Get to know CohēCiv.

Why CohēCiv Exists

Digital exposure is no longer an edge case. It is foundational to how individuals and institutions operate, compete, and endure. Yet most responses remain reactive – focused on compliance, incident response, or defensive posture after compromise.
CohēCiv exists to close the gap between how sophisticated actors understand risk and how most organizations prepare for it. We translate intelligence tradecraft into practical, behavior-centric approaches that reduce exploitable surface area before adversaries arrive.
Our work is not about perfect security. It is about realistic resilience – grounded in how people actually behave under pressure.

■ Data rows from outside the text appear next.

(* Let $\Gamma$ be a groupoid over a set $B$ with source and target maps $\alpha,\beta:\Gamma\to B$, and let $L\subset\Gamma$. The following are equivalent: (1) there is a subset $K\subset\Gamma$ such that $LK=E_\Gamma$ and $KL=E_\Gamma$; (2) the restrictions $\alpha|_L:L\to B$ and $\beta|_L:L\to B$ are bijections.
   Context: A groupoid over a set $B$ is a set $\Gamma$ with surjections $\alpha,\beta:\Gamma\to B$, a product $\gamma_1\gamma_2$ defined when $\beta(\gamma_1)=\alpha(\gamma_2)$, identities $e_b$ ($b\in B$) and inverses $\gamma^{-1}$, satisfying $\alpha(\gamma_1\gamma_2)=\alpha(\gamma_1)$, $\beta(\gamma_1\gamma_2)=\beta(\gamma_2)$, $\alpha(e_b)=\beta(e_b)=b$, $\alpha(\gamma^{-1})=\beta(\gamma)$, $\beta(\gamma^{-1})=\alpha(\gamma)$, and the usual associativity, unit and inverse axioms. For subsets $L_1,L_2\subset\Gamma$, $L_1L_2=\{\gamma_1\gamma_2:\gamma_1\in L_1,\gamma_2\in L_2,\beta(\gamma_1)=\alpha(\gamma_2)\}$, and $E_\Gamma=\{e_b:b\in B\}$. *)

From Stdlib Require Export FinFun.

(* A groupoid over B.  The product [mul] is a total function on Gamma x Gamma,
   but it is only constrained (and only ever used) on composable pairs,
   i.e. when [beta g1 = alpha g2]. *)
Record Groupoid (B : Type) := {
  carrier :> Type;
  alpha : carrier -> B;
  beta : carrier -> B;
  mul : carrier -> carrier -> carrier;
  unit : B -> carrier;
  inv : carrier -> carrier;
  alpha_surj : forall b, exists g, alpha g = b;
  beta_surj : forall b, exists g, beta g = b;
  alpha_mul : forall g1 g2, beta g1 = alpha g2 -> alpha (mul g1 g2) = alpha g1;
  beta_mul : forall g1 g2, beta g1 = alpha g2 -> beta (mul g1 g2) = beta g2;
  alpha_unit : forall b, alpha (unit b) = b;
  beta_unit : forall b, beta (unit b) = b;
  alpha_inv : forall g, alpha (inv g) = beta g;
  beta_inv : forall g, beta (inv g) = alpha g;
  mulA : forall g1 g2 g3, beta g1 = alpha g2 -> beta g2 = alpha g3 ->
    mul (mul g1 g2) g3 = mul g1 (mul g2 g3);
  mul_unitl : forall g, mul (unit (alpha g)) g = g;
  mul_unitr : forall g, mul g (unit (beta g)) = g;
  mul_invr : forall g, mul g (inv g) = unit (alpha g);
  mul_invl : forall g, mul (inv g) g = unit (beta g)
}.

Arguments alpha {B G} _ : rename.
Arguments beta {B G} _ : rename.
Arguments mul {B G} _ _ : rename.
Arguments unit {B G} _ : rename.
Arguments inv {B G} _ : rename.

Definition setmul {B} {G : Groupoid B} (L1 L2 : G -> Prop) : G -> Prop :=
  fun g => exists g1 g2, L1 g1 /\ L2 g2 /\ beta g1 = alpha g2 /\ g = mul g1 g2.

Definition units_set {B} {G : Groupoid B} : G -> Prop :=
  fun g => exists b, g = unit b.

Definition set_eq {T} (P Q : T -> Prop) : Prop := forall x, P x <-> Q x.

Definition restrict {B} {G : Groupoid B} (L : G -> Prop) (f : G -> B)
  : {g : G | L g} -> B := fun x => f (proj1_sig x).

(* If [LK = KL = E], then whenever [l ∈ L] and [k ∈ K] are composable the product is an
   identity, so [l] and [k] are mutually inverse; consequently every [x ∈ L] is the inverse
   of any [k ∈ K] ending at [α x], which forces [α] to be injective on [L], and factoring
   [e_b ∈ LK] shows it is onto.  Conversely [K := L⁻¹] works.  Every statement about [β]
   is the statement about [α] in the opposite groupoid, where the product is reversed. *)
From Stdlib Require Import ClassicalEpsilon ProofIrrelevance.

Definition InjectiveOn {T U} (L : T -> Prop) (f : T -> U) : Prop :=
  forall x y, L x -> L y -> f x = f y -> x = y.

Definition SurjectiveOn {T U} (L : T -> Prop) (f : T -> U) : Prop :=
  forall u, exists x, L x /\ f x = u.

Lemma injective_surjective_bijective {T U} (f : T -> U) :
  Injective f -> Surjective f -> Bijective f.
Proof.
  intros f_inj f_surj.
  exists (fun u => proj1_sig (constructive_indefinite_description _ (f_surj u))).
  split.
  - intro x. apply f_inj.
    exact (proj2_sig (constructive_indefinite_description _ (f_surj (f x)))).
  - intro u. exact (proj2_sig (constructive_indefinite_description _ (f_surj u))).
Qed.

Lemma restrict_bijective {B} {G : Groupoid B} (L : G -> Prop) (f : G -> B) :
  Bijective (restrict L f) <-> InjectiveOn L f /\ SurjectiveOn L f.
Proof.
  unfold restrict. split.
  - intros [g [gK Kg]]. split.
    + intros x y Lx Ly fxy.
      change x with (proj1_sig (exist L x Lx)). change y with (proj1_sig (exist L y Ly)).
      rewrite <- (gK (exist L x Lx)), <- (gK (exist L y Ly)). simpl. now rewrite fxy.
    + intro u. exists (proj1_sig (g u)). split; [exact (proj2_sig (g u)) | apply Kg].
  - intros [f_inj f_surj]. apply injective_surjective_bijective.
    + intros [x Lx] [y Ly] fxy. apply subset_eq_compat. exact (f_inj x y Lx Ly fxy).
    + intro u. destruct (f_surj u) as [x [Lx fx]]. now exists (exist L x Lx).
Qed.

Definition setinv {B} {G : Groupoid B} (L : G -> Prop) : G -> Prop :=
  fun k => exists l, L l /\ k = inv l.

Section Groupoid.
Variables (B : Type) (G : Groupoid B).

Definition opposite : Groupoid B := {|
  carrier := G;
  alpha := beta;
  beta := alpha;
  mul g h := mul h g;
  unit := unit;
  inv := inv;
  alpha_surj := beta_surj B G;
  beta_surj := alpha_surj B G;
  alpha_mul g h gh := beta_mul B G h g (eq_sym gh);
  beta_mul g h gh := alpha_mul B G h g (eq_sym gh);
  alpha_unit := beta_unit B G;
  beta_unit := alpha_unit B G;
  alpha_inv := beta_inv B G;
  beta_inv := alpha_inv B G;
  mulA g1 g2 g3 g12 g23 := eq_sym (mulA B G g3 g2 g1 (eq_sym g23) (eq_sym g12));
  mul_unitl := mul_unitr B G;
  mul_unitr := mul_unitl B G;
  mul_invr := mul_invl B G;
  mul_invl := mul_invr B G
|}.

Lemma setmul_opposite (L1 L2 : G -> Prop) :
  set_eq (setmul (G := opposite) L1 L2) (setmul L2 L1).
Proof.
  intro g. split.
  - intros [g1 [g2 [L1g1 [L2g2 [comp ->]]]]]. now exists g2, g1.
  - intros [g2 [g1 [L2g2 [L1g1 [comp ->]]]]]. now exists g1, g2.
Qed.

Lemma setmul_opposite_units (L1 L2 : G -> Prop) :
  set_eq (setmul L2 L1) units_set -> set_eq (setmul (G := opposite) L1 L2) units_set.
Proof.
  intros HE g. exact (iff_trans (setmul_opposite L1 L2 g) (HE g)).
Qed.

Lemma alpha_mul_unit (g h : G) c : beta g = alpha h -> mul g h = unit c -> alpha g = c.
Proof.
  intros comp gh. rewrite <- (alpha_mul B G g h comp), gh. apply alpha_unit.
Qed.

Lemma beta_mul_unit (g h : G) c : beta g = alpha h -> mul g h = unit c -> beta h = c.
Proof.
  intros comp gh. rewrite <- (beta_mul B G g h comp), gh. apply beta_unit.
Qed.

(* [h = (g⁻¹ g) h = g⁻¹ (g h) = g⁻¹]. *)
Lemma mul_unit_invr (g h : G) c : beta g = alpha h -> mul g h = unit c -> h = inv g.
Proof.
  intros comp gh.
  assert (c_alpha : c = alpha g) by (symmetry; exact (alpha_mul_unit g h c comp gh)).
  rewrite <- (mul_unitl B G h), <- comp, <- mul_invl, mulA by (rewrite ?beta_inv; auto).
  rewrite gh, c_alpha, <- beta_inv. apply mul_unitr.
Qed.

Section Factorization.
Variables (L K : G -> Prop).
Hypotheses (LK_units : set_eq (setmul L K) units_set)
           (KL_units : set_eq (setmul K L) units_set).

Lemma alpha_injective_on_factor : InjectiveOn L alpha.
Proof.
  assert (inv_of_K : forall k x, K k -> L x -> beta k = alpha x -> x = inv k).
  { intros k x Kk Lx comp.
    destruct (proj1 (KL_units (mul k x))) as [c kx]; [now exists k, x |].
    exact (mul_unit_invr k x c comp kx). }
  intros x y Lx Ly xy.
  destruct (proj2 (LK_units (unit (alpha x)))) as [l [k [Ll [Kk [comp lk]]]]];
    [now exists (alpha x) |].
  assert (k_end : beta k = alpha x) by exact (beta_mul_unit l k _ comp (eq_sym lk)).
  rewrite (inv_of_K k x), (inv_of_K k y); congruence.
Qed.

Lemma alpha_surjective_on_factor : SurjectiveOn L alpha.
Proof.
  intro c.
  destruct (proj2 (LK_units (unit c))) as [l [k [Ll [Kk [comp lk]]]]]; [now exists c |].
  exists l. split; [exact Ll | exact (alpha_mul_unit l k c comp (eq_sym lk))].
Qed.

End Factorization.

Lemma setmul_setinv_units (L : G -> Prop) :
  SurjectiveOn L alpha -> InjectiveOn L beta -> set_eq (setmul L (setinv L)) units_set.
Proof.
  intros alpha_surj_L beta_inj_L g. split.
  - intros [l [k [Ll [[l' [Ll' ->]] [comp ->]]]]].
    rewrite alpha_inv in comp.
    rewrite (beta_inj_L l l' Ll Ll' comp), mul_invr. now exists (alpha l').
  - intros [b ->]. destruct (alpha_surj_L b) as [l [Ll <-]].
    exists l, (inv l). repeat split; [exact Ll | now exists l | | ].
    + now rewrite alpha_inv.
    + now rewrite mul_invr.
Qed.

End Groupoid.

Theorem proposition7 (B : Type) (G : Groupoid B) (L : G -> Prop) :
  (exists K : G -> Prop,
      set_eq (setmul L K) units_set /\ set_eq (setmul K L) units_set)
  <->
  (Bijective (restrict L alpha) /\ Bijective (restrict L beta)).
Proof.
  rewrite !restrict_bijective. split.
  - intros [K [LK_units KL_units]].
    pose proof (setmul_opposite_units B G K L LK_units) as KL_units_op.
    pose proof (setmul_opposite_units B G L K KL_units) as LK_units_op.
    split; split.
    + exact (alpha_injective_on_factor B G L K LK_units KL_units).
    + exact (alpha_surjective_on_factor B G L K LK_units).
    + exact (alpha_injective_on_factor B (opposite B G) L K LK_units_op KL_units_op).
    + exact (alpha_surjective_on_factor B (opposite B G) L K LK_units_op).
  - intros [[alpha_inj_L alpha_surj_L] [beta_inj_L beta_surj_L]].
    exists (setinv L). split.
    + exact (setmul_setinv_units B G L alpha_surj_L beta_inj_L).
    + intro g. apply (iff_trans (iff_sym (setmul_opposite B G L (setinv L) g))).
      exact (setmul_setinv_units B (opposite B G) L beta_surj_L alpha_inj_L g).
Qed.
Lemma eq_cls x y : cls k x = cls k y <-> k x y.
Proof.
split=> [E|Hxy].
- have /(f_equal (fun P => P y)) : class k x = class k y := f_equal (@proj1_sig _ _) E.
  by rewrite /class => ->; apply: cong_refl.
- apply: eq_sig_hprop => [? ? ?|]; first exact: proof_irrelevance.
  apply: functional_extensionality => z; apply: propositional_extensionality.
  by split; apply: (cong_trans Hk); [apply: (cong_sym Hk)|].
Qed.

Lemma repr_cls x : k x (repr (cls k x)).
Proof. by apply/eq_cls; rewrite cls_repr. Qed.

Lemma ops_cls (f : sym sg) (xs : 'I_(arity f) -> A) :
  ops (fun i => cls k (xs i) : quot k) = cls k (ops xs).
Proof. by apply/eq_cls; apply: (cong_ops Hk) => i; apply: (cong_sym Hk); apply: repr_cls. Qed.

Lemma eval_quot (e : nat -> quot k) t : eval e t = cls k (eval (fun i => repr (e i)) t).
Proof.
elim: t => [n|f ts IH] /=; first by rewrite cls_repr.
apply/eq_cls; apply: (cong_ops Hk) => i; rewrite IH; apply: (cong_sym Hk); exact: repr_cls.
Qed.

Lemma in_variety_quot Sigma : in_variety Sigma A -> in_variety Sigma (quot k).
Proof. by move=> HA s t Hst e; rewrite !eval_quot (HA s t Hst). Qed.

Definition quot_rel (r : crel A) : crel (quot k) := fun X Y => r (repr X) (repr Y).

Definition preim (c : crel (quot k)) : crel A := fun x y => c (cls k x) (cls k y).

Section AboveKernel.
Variable r : crel A.
Hypotheses (Hr : is_cong r) (Hkr : cle k r).

Lemma quot_rel_cls x y : quot_rel r (cls k x) (cls k y) <-> r x y.
Proof.
have Hx := Hkr (repr_cls x); have Hy := Hkr (repr_cls y).
split=> H; first by apply: (cong_trans Hr Hx); apply: (cong_trans Hr H); apply: (cong_sym Hr).
by apply: (cong_trans Hr (cong_sym Hr Hx)); apply: (cong_trans Hr H).
Qed.

Lemma quot_rel_cong : is_cong (quot_rel r).
Proof.
rewrite /quot_rel; split; [|split; [|split]].
- by move=> X; apply: cong_refl.
- by move=> X Y; apply: cong_sym.
- by move=> X Y Z; apply: cong_trans.
- move=> f a b H /=; apply/quot_rel_cls; exact: (cong_ops Hr).
Qed.

End AboveKernel.
(* Define a translation $A\mapsto A_{\neg\neg}$ from formulas of QHC to formulas of intuitionistic predicate calculus QH by recursion: atomic problems (including $\bot$) are unchanged; $0_{\neg\neg}=\bot$; each atomic proposition $p(t_1,\dots,t_n)\ne 0$ is sent to $\neg\neg\bar p(t_1,\dots,t_n)$, where $\bar p$ is a problem variable of the same arity assigned injectively to $p$ (and distinct from the problem variables of QHC); intuitionistic connectives and quantifiers are kept; classical $\land,\to,\forall$ become intuitionistic ($(p\to q)_{\neg\neg}=p_{\neg\neg}\to q_{\neg\neg}$, etc.); classical $\lor,\exists$ become intuitionistic and prefixed by $\neg\neg$: $(p\lor q)_{\neg\neg}=\neg\neg(p_{\neg\neg}\lor q_{\neg\neg})$, $(\exists x\,p)_{\neg\neg}=\neg\neg\exists x\,p_{\neg\neg}$; $(!p)_{\neg\neg}=p_{\neg\neg}$; $(?\alpha)_{\neg\neg}=\neg\neg\alpha_{\neg\neg}$. Then if $A_1,\dots,A_n\vdash_{\mathrm{QHC}} A$, we have $(A_1)_{\neg\neg},\dots,(A_n)_{\neg\neg}\vdash_{\mathrm{QH}} A_{\neg\neg}$.
   Context: QHC is a two-sorted first-order calculus. Its only terms are individual variables. Every formula is either a problem (denoted by Greek letters $\alpha,\beta,\gamma,\dots$) or a proposition (denoted by Latin letters $p,q,\dots$). Atomic formulas are proposition variables $p(t_1,\dots,t_n)$ (of proposition type), problem variables $\pi(t_1,\dots,t_n)$ (of problem type), and the constants $0$ (a proposition, classical falsity) and $\bot$ (a problem, intuitionistic absurdity). Propositions are closed under the classical connectives $\land,\lor,\to$ and quantifiers $\exists,\forall$; problems are closed under the intuitionistic connectives $\land,\lor,\to$ and quantifiers $\exists,\forall$ (the same symbols are used, distinguished by the type of the arguments). $\neg p$ abbreviates $p\to 0$, $\neg\alpha$ abbreviates $\alpha\to\bot$, and $\leftrightarrow$ is defined as usual. There are two type-conversion operators: if $p$ is a proposition then $!p$ is a problem, and if $\alpha$ is a problem then $?\alpha$ is a proposition. Deductive system of QHC: all axioms and rules of classical predicate logic applied to all propositions; all postulates and rules of intuitionistic predicate logic applied to all problems; the rules $p\,/\,!p$ and $\alpha\,/\,?\alpha$; and the schemas $?!p\to p$; $\alpha\to\, !?\alpha$; $!(p\to q)\to(!p\to !q)$; $?(\alpha\to\beta)\to(?\alpha\to ?\beta)$; $!0\to\bot$; $?(\alpha\land\beta)\leftrightarrow ?\alpha\land ?\beta$; $?(\alpha\lor\beta)\leftrightarrow ?\alpha\lor ?\beta$; $?\bot\to 0$; $?\exists x\,\alpha(x)\leftrightarrow\exists x\,?\alpha(x)$; $?\forall x\,\alpha(x)\to\forall x\,?\alpha(x)$ (usual variable side conditions implicit). $\vdash A$ means $A$ is derivable in QHC; $A\Rightarrow B$ means $\vdash A\to B$ and $A\Leftrightarrow B$ means $\vdash A\leftrightarrow B$ (with $A,B$ of the same type); $A\vdash B$ means $B$ is derivable in QHC from the premise $A$. Notation: $\Box p := ?!p$ (a proposition) and $\nabla\alpha := !?\alpha$ (a problem). QC and QH denote classical and intuitionistic predicate calculus. *)

From Stdlib Require Import List Arith Bool.
Import ListNotations.

(* Individual variables are named by natural numbers; the only terms are
   individual variables.  Predicate symbols (problem / proposition variables)
   are named by natural numbers and applied to a list of individual variables
   (the arity is the length of that list). *)
Definition ivar := nat.

Inductive prob : Type :=
| PVar  : nat -> list ivar -> prob
| PBot  : prob
| PAnd  : prob -> prob -> prob
| POr   : prob -> prob -> prob
| PImp  : prob -> prob -> prob
| PEx   : ivar -> prob -> prob
| PAll  : ivar -> prob -> prob
| PBang : prop -> prob
with prop : Type :=
| QVar  : nat -> list ivar -> prop
| QZero : prop
| QAnd  : prop -> prop -> prop
| QOr   : prop -> prop -> prop
| QImp  : prop -> prop -> prop
| QEx   : ivar -> prop -> prop
| QAll  : ivar -> prop -> prop
| QQues : prob -> prop.

Inductive formula : Type :=
| FProb : prob -> formula
| FProp : prop -> formula.

Definition PNeg (a : prob) : prob := PImp a PBot.
Definition QNeg (p : prop) : prop := QImp p QZero.
Definition PIff (a b : prob) : prob := PAnd (PImp a b) (PImp b a).
Definition QIff (p q : prop) : prop := QAnd (QImp p q) (QImp q p).

Definition rn (x y : ivar) (t : ivar) : ivar := if Nat.eqb t x then y else t.

Fixpoint pfree (x : ivar) (a : prob) : bool :=
  match a with
  | PVar _ ts => existsb (Nat.eqb x) ts
  | PBot => false
  | PAnd a b | POr a b | PImp a b => pfree x a || pfree x b
  | PEx z a | PAll z a => negb (Nat.eqb z x) && pfree x a
  | PBang p => qfree x p
  end
with qfree (x : ivar) (p : prop) : bool :=
  match p with
  | QVar _ ts => existsb (Nat.eqb x) ts
  | QZero => false
  | QAnd p q | QOr p q | QImp p q => qfree x p || qfree x q
  | QEx z p | QAll z p => negb (Nat.eqb z x) && qfree x p
  | QQues a => pfree x a
  end.

Definition ffree (x : ivar) (A : formula) : bool :=
  match A with FProb a => pfree x a | FProp p => qfree x p end.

How We See the Digital Risk Landscape

Threat actors do not exploit technology alone. They exploit patterns of human behavior, institutional friction, and the seams between systems.
The most persistent vulnerabilities are rarely technical. They are operational: inconsistent practice, misaligned incentives, and the assumption that awareness automatically produces resilience.
We approach digital risk as a human problem with technical dimensions – not the reverse. That means focusing on decision architecture, cognitive load, and real-world constraints, rather than idealized policies that assume perfect compliance.
Organizations that endure do more than harden infrastructure. They build adaptive capacity into how people work, communicate, and make decisions when conditions are imperfect.

Background & Perspective

CohēCiv is informed by experience across intelligence operations, counterintelligence, and strategic advisory work in adversarial environments. This includes time inside government, supporting private-sector organizations navigating geopolitical risk, and working directly with individuals exposed to persistent targeting.
The methods we apply draw from operational security doctrine, behavioral science, and the tradecraft used to protect high-risk populations. We have seen what holds when adversaries are patient, well-resourced, and adaptive – and what fails when organizations rely on procedural theater instead of outcome-driven practice.
Our perspective is shaped by proximity to consequence. We have seen how digital exposure becomes a vector for coercion, compromise, and reputational collapse. That reality informs how we build frameworks, conduct assessments, and advise clients.